To solve this pain point, we can use Lightweight Directory Access Protocol (LDAP) and LDAP over TLS/SSL (LDAPS) to integrate with a directory service such as AWS Directory Service for Microsoft Active Directory. With the directory service, you can centrally maintain users and groups, and their permissions.
In this post, we introduce a solution to integrate HyperPod clusters with AWS Managed Microsoft AD, and explain how to achieve a seamless multi-user login environment with a centrally maintained directory.
Solution overview
The solution uses the following AWS services and resources:
SageMaker HyperPod to create a cluster
AWS Managed Microsoft AD to create a managed directory
Elastic Load Balancing (ELB) to create a Network Load Balancer (NLB) in front of the directory service
AWS Certificate Manager (ACM) to import and maintain an SSL/TLS certificate for LDAP over an SSL/TLS (LDAPS) connection
Amazon Elastic Compute Cloud (Amazon EC2) to create a Windows machine to administer users and groups in the directory
We also use AWS CloudFormation to deploy a stack to create the prerequisites for the HyperPod cluster: VPC, subnets, security group, and Amazon FSx for Lustre volume.
The following diagram illustrates the high-level solution architecture.
In this solution, HyperPod cluster instances use the LDAPS protocol to connect to the AWS Managed Microsoft AD via an NLB. We use TLS termination by installing a certificate to the NLB. To configure LDAPS in HyperPod cluster instances, the lifecycle script installs and configures System Security Services Daemon (SSSD)—an open source client software for LDAP/LDAPS.
Prerequisites
This post assumes you already know how to create a basic HyperPod cluster without SSSD. For more details on how to create HyperPod clusters, refer to Getting started with SageMaker HyperPod and the HyperPod workshop.
Also, in the setup steps, you will use a Linux machine to generate a self-signed certificate and obtain an obfuscated password for the AD reader user.

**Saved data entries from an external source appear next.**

(* Let $\mathbb{F}$ be a field and $\mathcal{C}_2 \subsetneqq \mathcal{C}_1 \subseteq \mathbb{F}^{m \times n}$ linear codes with $\ell = \dim(\mathcal{C}_1) - \dim(\mathcal{C}_2)$. Then $$0 \leq d_{M,r+1}(\mathcal{C}_1,\mathcal{C}_2) - d_{M,r}(\mathcal{C}_1,\mathcal{C}_2) \leq \min\{m,n\} \quad \text{for } 1 \leq r \leq \ell - 1,$$ and $$d_{M,r}(\mathcal{C}_1,\mathcal{C}_2) + 1 \leq d_{M,r+m}(\mathcal{C}_1,\mathcal{C}_2) \quad \text{for } 1 \leq r \leq \ell - m.$$
   Context: ${\rm Row}(V)$ is the row space. For a subspace $\mathcal{L} \subseteq \mathbb{F}^n$, $\mathcal{V}_\mathcal{L} = \{V \in \mathbb{F}^{m\times n} \mid {\rm Row}(V) \subseteq \mathcal{L}\}$, and $d_{M,r}(\mathcal{C}_1,\mathcal{C}_2) = \min\{\dim \mathcal{L} \mid \mathcal{L}\subseteq\mathbb{F}^n, \dim(\mathcal{C}_1 \cap \mathcal{V}_\mathcal{L}) - \dim(\mathcal{C}_2 \cap \mathcal{V}_\mathcal{L}) \geq r\}$. *)

From HB Require Import structures.
From mathcomp Require Import all_boot all_order all_algebra.
From mathcomp Require Import boolp.
Set Implicit Arguments. Unset Strict Implicit. Unset Printing Implicit Defensive.
Import GRing.Theory.
Local Open Scope ring_scope.

(* V_L = { V in F^{m x n} | Row(V) <= L }, i.e. every row of V lies in L:
   the intersection over i of the preimages of L under V |-> row i V. *)
Definition VL (F : fieldType) (m n : nat) (L : {vspace 'rV[F]_n}) :
  {vspace 'M[F]_(m, n)} :=
  (\bigcap_(i < m) (linfun (row i : 'M[F]_(m, n) -> 'rV[F]_n) @^-1: L))%VS.

(* Dimensions of subspaces of F^n are at most n, so the minimum is taken over
   k < n.+1; if no such L exists the (irrelevant) value is n. *)
Definition dMr (F : fieldType) (m n : nat) (C1 C2 : {vspace 'M[F]_(m, n)})
  (r : nat) : nat :=
  \big[minn/n]_(k < n.+1 |
     `[< exists L : {vspace 'rV[F]_n},
           \dim L = k /\
           (r <= \dim (C1 :&: VL m L) - \dim (C2 :&: VL m L))%N >]) k.

(* Write gap L for dim(C1 /\ V_L) - dim(C2 /\ V_L); when C2 <= C1 it equals
   dim(C2 + C1 /\ V_L) - dim C2, so it is monotone in L, and d_{M,r} is the
   least dim L with r <= gap L.  If gap L is not yet maximal, some V in C1
   lies outside C2 + C1 /\ V_L, and adding Row(V) to L costs at most m
   dimensions while raising the gap: hence d_{M,r+1} <= d_{M,r} + m.
   Conversely, cutting a nonzero L by a coordinate hyperplane {x_j = 0} not
   containing it lowers dim L by one, and C1 /\ V_L loses at most m
   dimensions, those of the column j of its elements: hence
   d_{M,r} < d_{M,r+m}. *)

From HB Require Import structures.
From mathcomp Require Import all_boot all_order all_algebra.
From mathcomp Require Import boolp zify.
Set Implicit Arguments. Unset Strict Implicit. Unset Printing Implicit Defensive.
Import Order.TTheory.
Local Open Scope ring_scope.

Lemma dimv_leq_mx (F : fieldType) (p q : nat) (U : {vspace 'M[F]_(p, q)}) :
  (\dim U <= p * q)%N.
Proof. by rewrite (leq_trans (dimvS (subvf U))) // dimvf. Qed.

Section Rowspaces.
Variables (F : fieldType) (m n : nat).
Implicit Types (L : {vspace 'rV[F]_n}) (V : 'M[F]_(m, n)).

Lemma mem_VL L V : (V \in VL m L) = [forall i, row i V \in L].
Proof.
rewrite /VL memvE; apply/subv_bigcapP/forallP => [sVL i | rowsL i _].
  by have := sVL i isT; rewrite -memvE -memv_preim lfunE.
by rewrite -memvE -memv_preim lfunE rowsL.
Qed.

Definition Row V : {vspace 'rV[F]_n} := <<[seq row i V | i <- enum 'I_m]>>%VS.

Lemma dim_Row V : (\dim (Row V) <= m)%N.
Proof. by rewrite (leq_trans (dim_span _)) // size_map size_enum_ord. Qed.

Lemma mem_VL_Row L V : (V \in VL m L) = (Row V <= L)%VS.
Proof.
rewrite mem_VL; apply/forallP/span_subvP => [rowsL _ /mapP[i _ ->] // | sRL i].
by apply: sRL; apply: map_f; rewrite mem_enum.
Qed.

Lemma VLS L L' : (L <= L')%VS -> (VL m L <= VL m L')%VS.
Proof.
by move=> sLL'; apply/subvP => V; rewrite !mem_VL_Row => /subv_trans->.
Qed.

Lemma VLf : VL m (fullv : {vspace 'rV[F]_n}) = fullv.
Proof. by apply/vspaceP => V; rewrite mem_VL_Row subvf memvf. Qed.

Lemma VL0 : VL m (0 : {vspace 'rV[F]_n}) = 0%VS.
Proof.
apply/vspaceP => V; rewrite mem_VL memv0; apply/forallP/eqP => [rows0 | -> i].
  by apply/row_matrixP => i; rewrite row0; apply/eqP; rewrite -memv0.
by rewrite row0 mem0v.
Qed.

End Rowspaces.

Section RelativeDimension.
Variables (F : fieldType) (m n : nat) (C1 C2 : {vspace 'M[F]_(m, n)}).
Implicit Types (L : {vspace 'rV[F]_n}) (r : nat).

Definition gap L := (\dim (C1 :&: VL m L) - \dim (C2 :&: VL m L))%N.

Lemma gapf : gap fullv = (\dim C1 - \dim C2)%N.
Proof. by rewrite /gap VLf !capvf. Qed.

Lemma gap0 : gap 0 = 0%N.
Proof. by rewrite /gap VL0 !capv0 dimv0. Qed.

Lemma gapE L : (C2 <= C1)%VS ->
  gap L = (\dim (C2 + C1 :&: VL m L) - \dim C2)%N.
Proof.
move=> sC21; have := dimv_sum_cap C2 (C1 :&: VL m L).
by rewrite capvA (capv_idPl sC21) /gap; lia.
Qed.

(* [minn] is [Order.min] on [nat] only up to conversion, so the order lemmas
   on big minima need their type given explicitly. *)
Lemma dMr_le_n r : (dMr C1 C2 r <= n)%N.
Proof. exact: (@bigmin_le_id _ nat). Qed.

Lemma dMr_le_dim r L : (r <= gap L)%N -> (dMr C1 C2 r <= \dim L)%N.
Proof.
move=> rL; have dimL : (\dim L < n.+1)%N.
  by rewrite ltnS (leq_trans (dimv_leq_mx L)) ?mul1n.
apply: (@bigmin_le_cond _ nat _ _ (Ordinal dimL) _ (fun k : 'I_n.+1 => k : nat)).
by apply/asboolP; exists L.
Qed.

Lemma dMr_attained r : (r <= gap fullv)%N ->
  exists2 L, \dim L = dMr C1 C2 r & (r <= gap L)%N.
Proof.
move=> rf; apply: (big_ind (fun k => exists2 L, \dim L = k & (r <= gap L)%N)).
- by exists fullv; rewrite // dimvf /dim /= mul1n.
- by move=> k k' ? ?; rewrite /minn; case: ifP.
- by move=> k /asboolP[L [dimL rL]]; exists L.
Qed.

Lemma leq_dMr r s : (r <= s <= gap fullv)%N -> (dMr C1 C2 r <= dMr C1 C2 s)%N.
Proof.
case/andP=> lers lesf; have [L <- sL] := dMr_attained lesf.
exact/dMr_le_dim/(leq_trans lers).
Qed.

Lemma gap_extend L : (C2 <= C1)%VS -> (gap L < gap fullv)%N ->
  exists2 L', (\dim L' <= \dim L + m)%N & (gap L < gap L')%N.
Proof.
move=> sC21 ltLf; set X := (C1 :&: VL m L)%VS.
have : ~~ (C1 <= C2 + X)%VS.
  by apply: contraTN ltLf => /dimvS; rewrite gapf gapE // -leqNgt; apply: leq_sub2r.
case/subvPn=> V C1V notC2XV; set L' := (L + Row V)%VS; exists L'.
  by rewrite (leq_trans (dimv_add_leqif _ _).1) // leq_add2l dim_Row.
set X' := (C1 :&: VL m L')%VS.
have sXX' : (C2 + X <= C2 + X')%VS by apply/addvS/capvS/VLS/addvSl.
have ltXX' : (\dim (C2 + X) < \dim (C2 + X'))%N.
  rewrite (ltn_leqif (dimv_leqif_eq sXX')); apply: contraNneq notC2XV => ->.
  by rewrite (subvP (addvSr _ _)) // memv_cap C1V mem_VL_Row addvSr.
have := dimvS (addvSl C2 X); rewrite !gapE // -/X -/X'; lia.
Qed.

Lemma gap_shrink L : L != 0%VS ->
  exists2 L', (\dim L' < \dim L)%N & (gap L <= gap L' + m)%N.
Proof.
move=> nzL; have nzx : vpick L != 0 by rewrite vpick0.
have [j xj | x0] := pickP (fun j => vpick L 0 j != 0); last first.
  by case/eqP: nzx; apply/rowP => j; rewrite mxE; apply/eqP/negbFE/x0.
set h := linfun (col j : 'rV[F]_n -> 'cV[F]_1).
set g := linfun (col j : 'M[F]_(m, n) -> 'cV[F]_m).
exists (L :&: lker h)%VS.
  rewrite -(limg_ker_dim h L) -{1}[\dim _]addn0 ltn_add2l.
  rewrite lt0n dimv_eq0; apply/eqP => hL0.
  have := memv_img h (memv_pick L); rewrite hL0 memv0 lfunE /=.
  by move/eqP/colP/(_ 0); rewrite !mxE; apply/eqP.
set X := (C1 :&: VL m L)%VS.
have sX : (X :&: lker g <= C1 :&: VL m (L :&: lker h))%VS.
  apply/subvP => V; rewrite !memv_cap memv_ker lfunE /= !mem_VL.
  case/andP=> /andP[-> /forallP rowsL] /eqP/colP gV0; apply/forallP => i.
  rewrite memv_cap rowsL memv_ker lfunE /=.
  by apply/eqP/colP => k; have := gV0 i; rewrite !mxE.
have dimX : (\dim X <= \dim (X :&: lker g) + m)%N.
  by rewrite -(limg_ker_dim g X) leq_add2l (leq_trans (dimv_leq_mx _)) ?muln1.
have := dimvS sX; have := dimvS (capvS (subvv C2) (VLS m (capvSl L (lker h)))).
rewrite /gap -/X; lia.
Qed.

Lemma dMr_succ_le r : (C2 <= C1)%VS -> (r < gap fullv)%N ->
  (dMr C1 C2 r.+1 <= dMr C1 C2 r + m)%N.
Proof.
move=> sC21 ltrf; have [L <- rL] := dMr_attained (ltnW ltrf).
have [ltLf | lefL] := ltnP (gap L) (gap fullv).
  have [L' dimL' ltLL'] := gap_extend sC21 ltLf.
  exact/(leq_trans _ dimL')/dMr_le_dim/(leq_ltn_trans rL).
exact/(leq_trans _ (leq_addr _ _))/dMr_le_dim/(leq_trans ltrf).
Qed.

Lemma dMr_lt_addm r : (0 < r)%N -> (r + m <= gap fullv)%N ->
  (dMr C1 C2 r < dMr C1 C2 (r + m))%N.
Proof.
move=> r_gt0 rmf; have [L <- rmL] := dMr_attained rmf.
have nzL : L != 0%VS by apply: contraTneq rmL => ->; rewrite gap0 -ltnNge ltn_addr.
have [L' ltL'L leLL'] := gap_shrink nzL.
apply/(leq_ltn_trans _ ltL'L)/dMr_le_dim.
by rewrite -(leq_add2r m) (leq_trans rmL).
Qed.

End RelativeDimension.

Theorem proposition14 (F : fieldType) (m n : nat)
  (C1 C2 : {vspace 'M[F]_(m, n)}) :
  (C2 <= C1)%VS -> C2 != C1 ->
  let l := (\dim C1 - \dim C2)%N in
  (forall r : nat, (1 <= r <= l - 1)%N ->
     (dMr C1 C2 r <= dMr C1 C2 r.+1)%N /\
     (dMr C1 C2 r.+1 - dMr C1 C2 r <= minn m n)%N) /\
  (forall r : nat, (1 <= r <= l - m)%N ->
     (dMr C1 C2 r + 1 <= dMr C1 C2 (r + m))%N).
Proof.
move=> sC21 _ l; rewrite /l -(gapf C1 C2); split=> r /andP[r_gt0 rl].
  have ltrf : (r < gap C1 C2 fullv)%N by lia.
  split; first by apply: leq_dMr; rewrite leqnSn.
  have := dMr_succ_le sC21 ltrf; have := dMr_le_n C1 C2 r.+1.
  rewrite leq_min; lia.
by rewrite addn1; apply: dMr_lt_addm; lia.
Qed.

If you don’t have a Linux machine, you can create an EC2 Linux instance or use AWS CloudShell.
Create a VPC, subnets, and a security group
Follow the instructions in the Own Account section of the HyperPod workshop. You will deploy a CloudFormation stack and create prerequisite resources such as VPC, subnets, security group, and FSx for Lustre volume. You need to create both a primary subnet and backup subnet when deploying the CloudFormation stack, because AWS Managed Microsoft AD requires at least two subnets with different Availability Zones.
In this post, for simplicity, we use the same VPC, subnets, and security group for both the HyperPod cluster and directory service. If you need to use different networks between the cluster and directory service, make sure security groups and route tables are configured so that they can communicate each other.

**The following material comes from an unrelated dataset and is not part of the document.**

(* Let $(V,\sim)$ be a finite graph equipped with the side data $\mathrm{left}(\cdot),\mathrm{right}(\cdot)$ described in the context, and assume that $(V,\sim)$ admits a conformal model. Let $Q \subseteq V$ be a prime node of the modular decomposition tree of $(V,\sim)$, let $M_1,\ldots,M_n$ be the children of $Q$ in this tree, and let $U \subseteq Q$ be a set containing exactly one vertex from each $M_i$, $i \in \{1,\ldots,n\}$. Then the graph $(U,\sim)$, which is prime, has exactly two conformal models up to equivalence, and one of them is the reflection of the other.
   Context: Graph and side data. $(V,\sim)$ is a finite simple graph; we write $u \parallel v$ when $u \neq v$ and $u,v$ are non-adjacent, and for sets $X \sim Y$ (resp. $X \parallel Y$) means $x\sim y$ (resp. $x \parallel y$) for all $x\in X$, $y \in Y$. For every $u \in V$ we are given a partition of $\{v \in V : v \parallel u\}$ into two sets $\mathrm{left}(u)$ and $\mathrm{right}(u)$. (In the paper, $(V,\sim)$ is the overlap graph $G_{ov}$ of a circular-arc graph $G$ and these sets come from the arc model; the statement uses only the data above and the existence of a conformal model of $(V,\sim)$.) Conformal models. For $U \subseteq V$, a conformal model of $(U,\sim)$ is a circular word $\phi$ (a word considered up to cyclic rotation; two such words are equivalent if one is a rotation of the other) in which each of the letters $u^0,u^1$, $u \in U$, occurs exactly once, such that: (i) for distinct $u,v \in U$, the chords $\phi(u)$ (joining $u^0,u^1$) and $\phi(v)$ cross, i.e. the letters of $u$ and $v$ alternate in $\phi$, if and only if $u \sim v$; (ii) for $u,v \in U$ with $u \parallel v$, both letters of $v$ lie on the left side of $\phi(u)$ (i.e. among the letters met when reading $\phi$ cyclically forward from $u^0$ to $u^1$) if $v \in \mathrm{left}(u)$, and both lie on the right side of $\phi(u)$ (among the letters met reading forward from $u^1$ to $u^0$) if $v \in \mathrm{right}(u)$. The reflection of a circular word $\phi$ is obtained by reversing $\phi$ and exchanging $u^0$ and $u^1$ for every $u$. Modular decomposition. A module of a graph $(X,\sim)$ is a set $M \subseteq X$ such that every vertex of $X \setminus M$ is adjacent either to all or to none of the vertices of $M$; it is trivial if $|M| \le 1$ or $M = X$. A graph is prime if it has only trivial modules. A node $Q$ of the modular decomposition tree of $(V,\sim)$ is prime if its children $M_1,\ldots,M_n$ (the maximal strong modules properly contained in $Q$) are such that the quotient graph obtained from $(Q,\sim)$ by picking one vertex in each $M_i$ is prime. *)

From mathcomp Require Import all_boot.
Set Implicit Arguments. Unset Strict Implicit. Unset Printing Implicit Defensive.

Create AWS Managed Microsoft AD on Directory Service
Complete the following steps to set up your directory:
On the Directory Service console, choose Directories in the navigation pane.
Choose Set up directory.
For Directory type, select AWS Managed Microsoft AD.
Choose Next.
For Edition, select Standard Edition.
For Directory DNS name, enter your preferred directory DNS name (for example, hyperpod.abc123.com).
For Admin password¸ set a password and save it for later use.
Choose Next.
In the Networking section, specify the VPC and two private subnets you created.
Choose Next.
Review the configuration and pricing, then choose Create directory.
The directory creation starts. Wait until the status changes from Creating to Active, which can take 20–30 minutes.
When the status changes to Active, open the detail page of the directory and take note of the DNS addresses for later use.
Create an NLB in front of Directory Service
To create the NLB, complete the following steps:
On the Amazon EC2 console, choose Target groups in the navigation pane.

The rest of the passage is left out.